The task => Transcribe the data below verbatim from the line with "exact: halpern_bounded_uS." to the line with "by rewrite exprMn ler_wpM2r // expr2; nra.". Include both of those lines.
######
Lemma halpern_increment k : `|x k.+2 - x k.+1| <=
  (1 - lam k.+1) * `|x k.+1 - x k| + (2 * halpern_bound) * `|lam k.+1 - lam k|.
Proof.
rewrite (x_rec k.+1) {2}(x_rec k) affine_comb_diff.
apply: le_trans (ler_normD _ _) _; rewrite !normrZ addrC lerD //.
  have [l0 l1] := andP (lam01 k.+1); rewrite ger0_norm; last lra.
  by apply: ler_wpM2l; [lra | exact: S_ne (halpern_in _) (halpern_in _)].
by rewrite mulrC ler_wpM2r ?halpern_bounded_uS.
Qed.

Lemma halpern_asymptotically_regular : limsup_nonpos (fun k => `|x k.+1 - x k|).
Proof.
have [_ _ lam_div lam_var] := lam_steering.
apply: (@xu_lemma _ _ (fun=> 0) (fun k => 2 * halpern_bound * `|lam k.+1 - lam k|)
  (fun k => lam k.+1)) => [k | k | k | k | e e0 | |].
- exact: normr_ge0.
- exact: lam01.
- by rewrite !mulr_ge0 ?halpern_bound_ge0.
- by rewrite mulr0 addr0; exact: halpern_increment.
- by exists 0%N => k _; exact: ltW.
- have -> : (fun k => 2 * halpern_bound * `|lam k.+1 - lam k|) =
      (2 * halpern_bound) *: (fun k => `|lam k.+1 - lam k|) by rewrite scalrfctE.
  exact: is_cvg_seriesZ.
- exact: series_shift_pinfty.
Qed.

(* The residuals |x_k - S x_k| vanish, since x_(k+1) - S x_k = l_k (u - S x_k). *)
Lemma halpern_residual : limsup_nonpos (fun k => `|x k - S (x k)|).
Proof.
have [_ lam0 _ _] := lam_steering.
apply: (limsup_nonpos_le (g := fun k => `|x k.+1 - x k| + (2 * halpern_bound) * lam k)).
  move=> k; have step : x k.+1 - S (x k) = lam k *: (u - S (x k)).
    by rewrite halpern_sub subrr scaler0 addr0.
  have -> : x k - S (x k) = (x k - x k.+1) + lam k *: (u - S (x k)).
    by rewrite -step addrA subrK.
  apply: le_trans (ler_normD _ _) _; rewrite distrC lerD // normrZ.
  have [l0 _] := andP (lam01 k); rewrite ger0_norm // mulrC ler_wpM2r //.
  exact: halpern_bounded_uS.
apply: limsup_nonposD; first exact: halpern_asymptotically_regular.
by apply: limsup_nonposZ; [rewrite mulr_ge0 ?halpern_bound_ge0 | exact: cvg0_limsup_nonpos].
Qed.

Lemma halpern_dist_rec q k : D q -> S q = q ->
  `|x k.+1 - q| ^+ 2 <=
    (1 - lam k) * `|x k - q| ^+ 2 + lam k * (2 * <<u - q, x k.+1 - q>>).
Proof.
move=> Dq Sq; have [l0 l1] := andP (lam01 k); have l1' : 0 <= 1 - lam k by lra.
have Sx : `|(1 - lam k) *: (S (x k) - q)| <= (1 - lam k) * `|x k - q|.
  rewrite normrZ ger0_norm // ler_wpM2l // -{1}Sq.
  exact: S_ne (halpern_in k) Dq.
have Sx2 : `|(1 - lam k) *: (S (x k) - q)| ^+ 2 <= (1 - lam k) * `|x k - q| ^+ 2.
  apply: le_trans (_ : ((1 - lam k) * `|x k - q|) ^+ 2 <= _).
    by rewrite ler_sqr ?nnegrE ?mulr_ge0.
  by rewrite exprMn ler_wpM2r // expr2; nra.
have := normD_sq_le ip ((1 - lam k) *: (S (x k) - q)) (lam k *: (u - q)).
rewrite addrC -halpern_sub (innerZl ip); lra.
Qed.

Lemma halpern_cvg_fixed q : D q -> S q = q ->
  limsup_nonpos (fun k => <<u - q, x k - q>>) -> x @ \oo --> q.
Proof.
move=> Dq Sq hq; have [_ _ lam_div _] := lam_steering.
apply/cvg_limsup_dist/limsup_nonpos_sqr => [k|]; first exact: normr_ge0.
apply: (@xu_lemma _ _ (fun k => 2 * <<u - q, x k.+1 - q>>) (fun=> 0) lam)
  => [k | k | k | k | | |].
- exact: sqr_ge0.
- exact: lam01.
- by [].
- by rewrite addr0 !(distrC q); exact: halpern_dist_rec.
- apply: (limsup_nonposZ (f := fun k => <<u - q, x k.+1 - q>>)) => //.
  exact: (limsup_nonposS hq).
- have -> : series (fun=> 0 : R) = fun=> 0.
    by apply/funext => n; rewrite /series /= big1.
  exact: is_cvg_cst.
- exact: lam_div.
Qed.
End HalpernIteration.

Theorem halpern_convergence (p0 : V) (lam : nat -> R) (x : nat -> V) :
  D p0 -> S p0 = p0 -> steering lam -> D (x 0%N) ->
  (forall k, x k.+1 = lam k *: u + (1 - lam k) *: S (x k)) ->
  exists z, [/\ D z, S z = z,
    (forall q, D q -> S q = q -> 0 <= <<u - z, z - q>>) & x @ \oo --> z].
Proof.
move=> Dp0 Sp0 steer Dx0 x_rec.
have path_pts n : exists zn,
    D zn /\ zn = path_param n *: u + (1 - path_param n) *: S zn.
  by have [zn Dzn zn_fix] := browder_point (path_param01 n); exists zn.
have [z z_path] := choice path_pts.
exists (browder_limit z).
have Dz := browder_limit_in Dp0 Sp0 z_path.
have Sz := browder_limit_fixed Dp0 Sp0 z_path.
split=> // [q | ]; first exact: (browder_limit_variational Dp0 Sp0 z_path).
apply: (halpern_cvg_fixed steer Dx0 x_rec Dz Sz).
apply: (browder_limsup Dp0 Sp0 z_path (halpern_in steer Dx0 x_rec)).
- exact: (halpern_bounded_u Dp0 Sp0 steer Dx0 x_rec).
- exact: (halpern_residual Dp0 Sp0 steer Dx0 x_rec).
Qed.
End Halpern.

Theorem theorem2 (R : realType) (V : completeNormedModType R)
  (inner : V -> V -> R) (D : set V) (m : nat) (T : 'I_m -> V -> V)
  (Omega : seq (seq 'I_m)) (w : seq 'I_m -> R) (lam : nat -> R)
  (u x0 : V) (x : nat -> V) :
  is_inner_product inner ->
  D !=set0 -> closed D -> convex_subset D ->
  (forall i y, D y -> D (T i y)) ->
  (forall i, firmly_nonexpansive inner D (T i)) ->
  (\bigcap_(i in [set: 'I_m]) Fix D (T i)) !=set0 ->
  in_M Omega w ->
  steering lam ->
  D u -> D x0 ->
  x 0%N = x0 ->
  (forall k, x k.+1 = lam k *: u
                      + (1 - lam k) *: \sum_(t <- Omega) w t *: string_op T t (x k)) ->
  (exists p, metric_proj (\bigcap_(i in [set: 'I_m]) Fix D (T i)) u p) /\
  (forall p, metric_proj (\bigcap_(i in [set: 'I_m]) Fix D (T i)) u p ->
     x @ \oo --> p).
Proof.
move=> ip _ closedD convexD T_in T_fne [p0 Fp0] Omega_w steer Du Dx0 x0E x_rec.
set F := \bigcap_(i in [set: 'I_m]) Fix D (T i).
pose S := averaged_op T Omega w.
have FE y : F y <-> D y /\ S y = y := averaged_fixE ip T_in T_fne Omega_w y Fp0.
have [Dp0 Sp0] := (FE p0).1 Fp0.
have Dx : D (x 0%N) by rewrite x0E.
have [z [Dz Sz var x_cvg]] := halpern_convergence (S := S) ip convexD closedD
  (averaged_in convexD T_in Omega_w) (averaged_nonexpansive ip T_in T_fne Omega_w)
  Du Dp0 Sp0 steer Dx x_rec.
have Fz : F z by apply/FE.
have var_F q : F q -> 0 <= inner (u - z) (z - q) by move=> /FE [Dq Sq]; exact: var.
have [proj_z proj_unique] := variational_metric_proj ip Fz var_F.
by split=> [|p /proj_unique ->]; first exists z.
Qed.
######
Completed exercise =>
  exact: halpern_bounded_uS.
apply: limsup_nonposD; first exact: halpern_asymptotically_regular.
by apply: limsup_nonposZ; [rewrite mulr_ge0 ?halpern_bound_ge0 | exact: cvg0_limsup_nonpos].
Qed.

Lemma halpern_dist_rec q k : D q -> S q = q ->
  `|x k.+1 - q| ^+ 2 <=
    (1 - lam k) * `|x k - q| ^+ 2 + lam k * (2 * <<u - q, x k.+1 - q>>).
Proof.
move=> Dq Sq; have [l0 l1] := andP (lam01 k); have l1' : 0 <= 1 - lam k by lra.
have Sx : `|(1 - lam k) *: (S (x k) - q)| <= (1 - lam k) * `|x k - q|.
  rewrite normrZ ger0_norm // ler_wpM2l // -{1}Sq.
  exact: S_ne (halpern_in k) Dq.
have Sx2 : `|(1 - lam k) *: (S (x k) - q)| ^+ 2 <= (1 - lam k) * `|x k - q| ^+ 2.
  apply: le_trans (_ : ((1 - lam k) * `|x k - q|) ^+ 2 <= _).
    by rewrite ler_sqr ?nnegrE ?mulr_ge0.
  by rewrite exprMn ler_wpM2r // expr2; nra.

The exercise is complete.